姜或北到底还是女儿家,脸色绯红,道:“不过随口一问。我婆母那边每过几日就要请大夫过来请平安脉,时间长了,我到底会露馅。”
“你若想,大夫现在就可以给你诊出喜脉来。”高遇淡淡说道。他已经更衣妥当,一双清冷黑眸低垂看向姜或北。姜或北头发披在肩上,粉面桃腮的模样,很是惹人怜爱。高遇脑海闪过昨夜的画面,觉得喉头有些干涩,他坐下来毫不迟疑地扣住姜或北的后脑袋,吻了上去。姜或北失了力气,双手攀在高遇肩膀上,总算一吻结束了,她这才追问道:“大夫是你的人?你既早有办法,何必看我急得团团转?高遇,你耍我?”
高遇把她抱起来,坐在自己的身上,手指捏着她的一缕头发在手中把玩,他漫不经心地说道:“我何曾耍过你?从一开始,你就跟我说过,你要一个孩子。而我呢,也履行自己的诺言,在努力给你一个孩子,请问我错在哪里?”
“你明明可以不用这样。”
“谁叫我贪图你的美色?况且,我为什么要无缘无故的帮你?你觉得我很闲吗?”高遇说道。
姜或北低下头,道:“是这样,没错。是我高估了你。”
高遇捏了捏她的脸颊,道:“不需要多想。

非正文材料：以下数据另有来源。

Lemma immersion_geom_pullback (L : signature) (A B : structure L) (h : A -> B)
    ys (Phi : seq (form L)) psi (e : nat -> A) (g : nat -> B) :
  immersion h -> (forall phi, List.In phi Phi -> atomic phi) -> atomic psi ->
  sat A e (geom_form ys Phi psi) -> agree_off ys (h \o e) g ->
  (forall phi, List.In phi Phi -> sat B g phi) ->
  forall F : seq (fact B), exists w : B -> A,
    (forall x, List.In x F -> respects w x) /\ sat A (w \o g) psi.
Proof.
move=> immersion_h atomic_Phi atomic_psi /sat_foldr_FAll sat_geom agree_g sat_Phi F.
pose N := maxn (atoms_vbound Phi) (atom_vbound psi).
have [w [respects_w w_e]] :=
  immersion_pullback immersion_h (Fact atomic_Phi sat_Phi :: F) e N.+1.
exists w; split=> [x Fx|]; first by apply: respects_w; right.
pose g' n := if n \in ys then w (g n) else e n.
have g'_g n : n <= N -> g' n = w (g n).
  by rewrite /g'; case: ifP => // /negbT ys_n le_n; rewrite agree_g //= w_e.
apply/(sat_atomic_eq_on (g2 := g') atomic_psi) => [n le_n|].
  by rewrite g'_g // (leq_trans le_n) ?leq_maxr.
apply: sat_geom => [n /negPf ys_n|]; first by rewrite /g' ys_n.
apply/sat_big_and => phi Phi_phi.
apply/(sat_atomic_eq_on (g2 := w \o g) (atomic_Phi _ Phi_phi)).
  move=> n le_n; apply: g'_g; apply: leq_trans le_n _.
  exact: leq_trans (leq_atom_atoms_vbound Phi_phi) (leq_maxl _ _).
by apply: (respects_w _ (or_introl erefl)).
Qed.

Lemma ultralimit_hom (L : signature) (T : theory L) (A B : structure L)
    (W : seq (fact B) -> B -> A) :
  is_model T A -> (forall F x, List.In x F -> respects (W F) x) ->
  exists (C : structure L) (k : B -> C), [/\ is_model T C, homomorphism k &
    forall psi (s : nat -> B), atomic psi ->
      (forall F, sat A (W F \o s) psi) -> sat C (k \o s) psi].
Proof.
move=> model_A respects_W.
pose D (F F' : seq (fact B)) := forall x, List.In x F -> List.In x F'.
have [U [ultra_U U_D]] : exists U, filter.UltraFilter U /\ forall F, U (D F).
  apply: (ultrafilter_of_directed [::]) => [F|F1 F2]; first by exists F.
  by exists (List.app F1 F2) => F' D_F'; split=> x Fx; apply: D_F'; apply/List.in_app_iff; auto.
pose C := ultrapower (ultra_U := ultra_U) A U.
pose k (b : B) : C := uclass_of (ultra_U := ultra_U) U (fun F => W F b).
have transfer psi s F0 : atomic psi -> (forall F, D F0 F -> sat A (W F \o s) psi) ->
    sat C (k \o s) psi.
  move=> atomic_psi sat_W.
  apply/(sat_ultrapower_atomic (s := fun n F => W F (s n)) atomic_psi) => [n|].
    exact: urep_ueq.
  exact: filter.filterS (U_D F0).
exists C, k; split=> [|phi atomic_phi s sat_phi|psi s atomic_psi sat_W].
- exact: ultrapower_model.
- have atomic1 q : List.In q [:: phi] -> atomic q by case=> [<-|].
  have sat1 q : List.In q [:: phi] -> sat B s q by case=> [<-|].
  apply: (transfer _ _ [:: Fact atomic1 sat1]) => // F D_F.
  by apply: respects_W (D_F _ (or_introl erefl)) _ (or_introl erefl).
- exact: (transfer _ _ [::]).
Qed.

Lemma pos_model_complete_geom_complete (L : signature) (T : theory L) :
  pos_model_complete T -> geom_complete T.
Proof.
move=> pmc_T A B model_A model_B h hom_h.
split=> // ys Phi psi atomic_Phi atomic_psi e sat_A.
have {}atomic_Phi phi : List.In phi Phi -> atomic phi by move/in_listP/atomic_Phi.
apply/sat_foldr_FAll => g agree_g /sat_big_and sat_Phi.
have pullback := immersion_geom_pullback (pmc_T _ _ model_A model_B _ hom_h)
  atomic_Phi atomic_psi sat_A agree_g sat_Phi.
have [W W_spec] := ClassicalEpsilon.choice _ pullback.
have [C [k [model_C hom_k k_psi]]] :=
  ultralimit_hom model_A (fun F x => proj1 (W_spec F) x).
apply: (proj2 (pmc_T _ _ model_B model_C _ hom_k) _ (pe_qf (qfp_atom atomic_psi))).
by apply: k_psi => // F; case: (W_spec F).
Qed.

Theorem theorem4p11 (L : signature) (T : theory L) :
  strict T -> (pos_model_complete T <-> geom_complete T).
Proof.
move=> strict_T; split; first exact: pos_model_complete_geom_complete.
exact: geom_complete_pos_model_complete.
Qed.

以后我会护你的。时辰不早了,我今日必须得离开了。你好好休息。”
姜或北心中涌出来的一点点希冀被高遇彻底浇灭了。的确,他之所以帮她的前提,就是她的身体。他们两个人不过是利益交换。待到他的未婚妻来了,他成了亲,对待她姜或北,恐怕是弃若敝帚。手腕上一凉,她这才发现自己竟然流泪了。姜或北迅速擦干净了眼泪,唤了小蝶准备热水沐浴。